### [ASSIGNMENT]
What you write should be an exact copy of the material, from its first line through the line containing "(forall I, inK I -> IsChart I) /\".

▼

Definition IsChart (I : {set 'I_N}) : Prop :=
  IsTopology (tU A I) /\ IsTopology (tE A I) /\
  separable (tU A I) /\ locally_compact (tU A I) /\ metrizable (tU A I) /\
  separable (tE A I) /\ locally_compact (tE A I) /\ metrizable (tE A I) /\
  continuous (tE A I) (tU A I) (pr A) /\
  continuous (tU A I) (tE A I) (zr A) /\
  continuous (tU A I) (tE A I) (sc A) /\
  (forall x : U A I, pr A (zr A x) = x) /\
  (forall x : U A I, pr A (sc A x) = x) /\
  homeo_on (tU A I) (Zs I) tX (FI I) (psi A).

Definition IsCoordChange (I J : {set 'I_N}) : Prop :=
  (tU A I) (UIJ A I J) /\
  (forall x, (UIJ A I J x /\ Zs I x) <-> (Zs I x /\ FI J (psi A x))) /\
  embedding_on (tE A I) (fun e => UIJ A I J (pr A e)) (tE A J) (Phi A I J) /\
  embedding_on (tU A I) (UIJ A I J) (tU A J) (phi A I J) /\
  (forall e, UIJ A I J (pr A e) -> pr A (Phi A I J e) = phi A I J (pr A e)) /\
  (forall x, UIJ A I J x -> zr A (phi A I J x) = Phi A I J (zr A x)) /\
  (forall x, UIJ A I J x -> sc A (phi A I J x) = Phi A I J (sc A x)) /\
  (forall x, UIJ A I J x -> Zs I x ->
     Zs J (phi A I J x) /\ psi A (phi A I J x) = psi A x).

Definition UIJK (I J K : {set 'I_N}) (x : U A I) : Prop :=
  UIJ A I J x /\ UIJ A J K (phi A I J x).

(* cocycle condition (weak cocycle condition + U_IJK subset U_IK) *)
Definition Cocycle (I J K : {set 'I_N}) : Prop :=
  (forall e, UIJK I J K (pr A e) -> UIJ A I K (pr A e) ->
     Phi A J K (Phi A I J e) = Phi A I K e) /\
  (forall x, UIJK I J K x -> UIJ A I K x).

Definition IsTopKAtlas : Prop :=
  (forall i, tX (F0 A i)) /\
  (forall p, exists i, F0 A i p) /\
  (forall I, inK I -> IsChart I) /\
  (forall I J, inK I -> inK J -> I \proper J -> IsCoordChange I J) /\
  (forall I J K, inK I -> inK J -> inK K -> I \proper J -> J \proper K ->
     Cocycle I J K).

▲

### [RESPONSE TO THE EXERCISE]
Definition IsChart (I : {set 'I_N}) : Prop :=
  IsTopology (tU A I) /\ IsTopology (tE A I) /\
  separable (tU A I) /\ locally_compact (tU A I) /\ metrizable (tU A I) /\
  separable (tE A I) /\ locally_compact (tE A I) /\ metrizable (tE A I) /\
  continuous (tE A I) (tU A I) (pr A) /\
  continuous (tU A I) (tE A I) (zr A) /\
  continuous (tU A I) (tE A I) (sc A) /\
  (forall x : U A I, pr A (zr A x) = x) /\
  (forall x : U A I, pr A (sc A x) = x) /\
  homeo_on (tU A I) (Zs I) tX (FI I) (psi A).

Definition IsCoordChange (I J : {set 'I_N}) : Prop :=
  (tU A I) (UIJ A I J) /\
  (forall x, (UIJ A I J x /\ Zs I x) <-> (Zs I x /\ FI J (psi A x))) /\
  embedding_on (tE A I) (fun e => UIJ A I J (pr A e)) (tE A J) (Phi A I J) /\
  embedding_on (tU A I) (UIJ A I J) (tU A J) (phi A I J) /\
  (forall e, UIJ A I J (pr A e) -> pr A (Phi A I J e) = phi A I J (pr A e)) /\
  (forall x, UIJ A I J x -> zr A (phi A I J x) = Phi A I J (zr A x)) /\
  (forall x, UIJ A I J x -> sc A (phi A I J x) = Phi A I J (sc A x)) /\
  (forall x, UIJ A I J x -> Zs I x ->
     Zs J (phi A I J x) /\ psi A (phi A I J x) = psi A x).

Definition UIJK (I J K : {set 'I_N}) (x : U A I) : Prop :=
  UIJ A I J x /\ UIJ A J K (phi A I J x).

(* cocycle condition (weak cocycle condition + U_IJK subset U_IK) *)
Definition Cocycle (I J K : {set 'I_N}) : Prop :=
  (forall e, UIJK I J K (pr A e) -> UIJ A I K (pr A e) ->
     Phi A J K (Phi A I J e) = Phi A I K e) /\
  (forall x, UIJK I J K x -> UIJ A I K x).

Definition IsTopKAtlas : Prop :=
  (forall i, tX (F0 A i)) /\
  (forall p, exists i, F0 A i p) /\
  (forall I, inK I -> IsChart I) /\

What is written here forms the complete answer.